Потому что он увидел бы, словно сквозь мглу, как через пять лет и он и они скачут в новенькой с иголочки блестящей русской униформе сербско-венгерского полка у городка Гросс-Егерсдорф{17}, как он и они переходят на мелкую рысь и, наконец, как он взмахивает саблей и они карьером мчатся на неприятеля.

Юрат увидел бы, как еще через год он и они недвижимо стоят у деревни Цорндорф{18}, а под звуки труб мимо них скачет в атаку первый эскадрон их тридцать пятого Новосербского полка, несется в сторону мельницы, вокруг которой сгрудилась несметная прусская кавалерия.

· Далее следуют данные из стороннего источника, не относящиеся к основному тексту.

(* In partially synchronous systems, there is no deterministic protocol that solves Byzantine consensus (Validity, Agreement, Termination) in every system whose knowledge connectivity graph belongs to $\mathcal{G}_{di}$ when each process $i$ is given only its participant detector $PD_i$ as input and no process knows the fault threshold $f$. (This holds even with digital signatures, and even when faults are only crashes.)
   Context: System: finite set $\Pi$ of processes, partially synchronous (an unknown GST after which messages between correct processes arrive within an unknown $\delta$), a set $F$ of faulty processes with $|F|\le f$ for some fault threshold $f$, reliable authenticated channels. Each process $i$ has a participant detector $PD_i\subseteq\Pi$ (the processes it initially knows) and may only message processes it currently knows. The knowledge connectivity graph is $G_{di}=(\Pi,\{(i,j):j\in PD_i\})$. A digraph belongs to $k$-OSR PD if its underlying undirected graph is connected, its condensation has exactly one sink component, that sink is $k$-strongly connected, and every vertex outside it has $k$ node-disjoint paths to every vertex in it. $G_{safe}=G_{di}[\Pi\setminus F]$. $\mathcal{G}_{di}$: graphs whose $G_{safe}$ is in $(f+1)$-OSR PD with safe sink of size $\ge 2f+1$. Consensus: each correct process proposes a valid value (w.r.t. a predicate $\mathtt{valid}$); Validity: a correct process decides a valid value proposed by some process; Agreement: all correct processes decide the same value; Termination: every correct process eventually decides. *)

From Stdlib Require List.
From mathcomp Require Import all_boot finmap.

Set Implicit Arguments.
Unset Strict Implicit.
Unset Printing Implicit Defensive.

Local Open Scope fset_scope.

(* Process identifiers are drawn from an unbounded universe (nat); a system  *)
(* is a finite set [Pi] of identifiers.                                      *)
Definition pid := nat.

(* A digraph on the vertex set V is given by an edge relation E; only edges *)
(* with both endpoints in V are considered.                                  *)

Definition reach (V : {fset pid}) (E : pid -> pid -> bool) (x y : pid) : Prop :=
  x \in V /\ exists p : seq pid,
    path (fun a b => E a b && (b \in V)) x p /\ last x p = y.

Definition und_connected (V : {fset pid}) (E : pid -> pid -> bool) : Prop :=
  forall x y, x \in V -> y \in V -> reach V (fun a b => E a b || E b a) x y.

Definition sink_component (V : {fset pid}) (E : pid -> pid -> bool)
    (S : {fset pid}) : Prop :=
  [/\ S `<=` V, S != fset0,
      (forall x y, x \in S -> y \in S -> reach V E x y) &
      (forall x y, x \in S -> y \in V -> E x y -> y \in S)].

(* There are k node-disjoint paths from x to y in (V,E).  A path is given by *)
(* its sequence of internal vertices; paths are pairwise distinct and their  *)
(* internal vertices are pairwise disjoint and avoid the endpoints.          *)
Definition disjoint_paths (V : {fset pid}) (E : pid -> pid -> bool)
    (x y : pid) (k : nat) : Prop :=
  exists ps : seq (seq pid),
    [/\ size ps = k, uniq ps,
        (forall p, p \in ps ->
           [/\ path E x (rcons p y), all (fun v => v \in V) p,
               x \notin p & y \notin p]) &
        (forall p q v, p \in ps -> q \in ps -> p != q -> v \in p -> v \notin q)].

Definition k_strongly_connected (V : {fset pid}) (E : pid -> pid -> bool)
    (k : nat) : Prop :=
  forall x y, x \in V -> y \in V -> x != y -> disjoint_paths V E x y k.

Definition induced (V : {fset pid}) (E : pid -> pid -> bool) :=
  fun a b => [&& E a b, a \in V & b \in V].

Definition k_OSR_with_sink (V : {fset pid}) (E : pid -> pid -> bool)
    (k : nat) (S : {fset pid}) : Prop :=
  [/\ und_connected V E,
      sink_component V E S,
      (forall S', sink_component V E S' -> S' = S),
      k_strongly_connected S (induced S E) k &
      (forall x y, x \in V -> x \notin S -> y \in S -> disjoint_paths V E x y k)].

Definition k_OSR (V : {fset pid}) (E : pid -> pid -> bool) (k : nat) : Prop :=
  exists S, k_OSR_with_sink V E k S.

Definition Gdi_edge (PD : pid -> {fset pid}) : pid -> pid -> bool :=
  fun i j => j \in PD i.

Definition system_ok (Pi : {fset pid}) (PD : pid -> {fset pid})
    (f : nat) (F : {fset pid}) : Prop :=
  [/\ forall i, i \in Pi -> PD i `<=` Pi, F `<=` Pi & (#|` F| <= f)%N].

Definition in_Gdi (Pi : {fset pid}) (PD : pid -> {fset pid})
    (f : nat) (F : {fset pid}) : Prop :=
  exists S, k_OSR_with_sink (Pi `\` F) (Gdi_edge PD) f.+1 S
            /\ (2 * f + 1 <= #|` S|)%N.

(* A deterministic protocol.  A process is initialised with its own         *)
(* identifier, its participant detector PD_i and its proposal only (it is   *)
(* given neither Pi, nor n, nor f, nor GST, nor delta).  At each step it    *)
(* receives the (possibly empty) list of delivered messages, tagged with    *)
(* their (authenticated) sender, and outputs a list of (destination,        *)
(* message) pairs.  [p_ids m] is the list of process identifiers carried in *)
(* the content of m (through which processes may learn of other processes). *)
Record protocol (V : Type) := Protocol {
  p_state : Type;
  p_msg : Type;
  p_ids : p_msg -> seq pid;
  p_init : pid -> {fset pid} -> V -> p_state;
  p_step : pid -> p_state -> seq (pid * p_msg) -> p_state * seq (pid * p_msg);
  p_decision : p_state -> option V }.

Arguments p_state {V} p.
Arguments p_msg {V} p.
Arguments p_ids {V} p _.
Arguments p_init {V} p _ _ _.
Arguments p_step {V} p _ _ _.
Arguments p_decision {V} p _.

Как мертвым упадет с коня корнет Марко Зиминский.

Как на пригорке будут сверкать на солнце прусские латники.

Юрат мог бы увидеть себя еще через два года, увидеть, как он и эти юноши — в ту пору уже усатые лихие гусары — медленно движутся с конницей Тотлебена и Чернышева{19}.

Когда граф Фермор решит двинуться на Берлин{20}, Юрат уже будет подполковником. Берковцем прозовут его русские.

Как-то вечером он встретит и узнает этих гусаров и крикнет им что-то по-русски, потому что тогда они будут говорить только по-русски.

Однако на другой день он уже не услышит, как они кричат по-сербски и плачут, словно дети, увидев, как его, лишившегося чувств, проносят вдоль первого эскадрона с разбитой ногой, которую после захода солнца русские военные врачи до колена ему отрежут.

Никогда ему не встретить закат солнца в генеральской перевязи; только, выезжая из Токая, Юрат этого не знает.

Когда гусары по его команде взобрались на возы и кони тронулись, Юрат снова проехался взад и вперед.

Варвара встала и подбежала к невестке. Они обнялись, схватились за руки и не разжимали их, пока рыдван не покатил быстрее и у Варвары не подогнулись колени. Она бы упала, если бы подбежавший муж не подхватил ее под руки.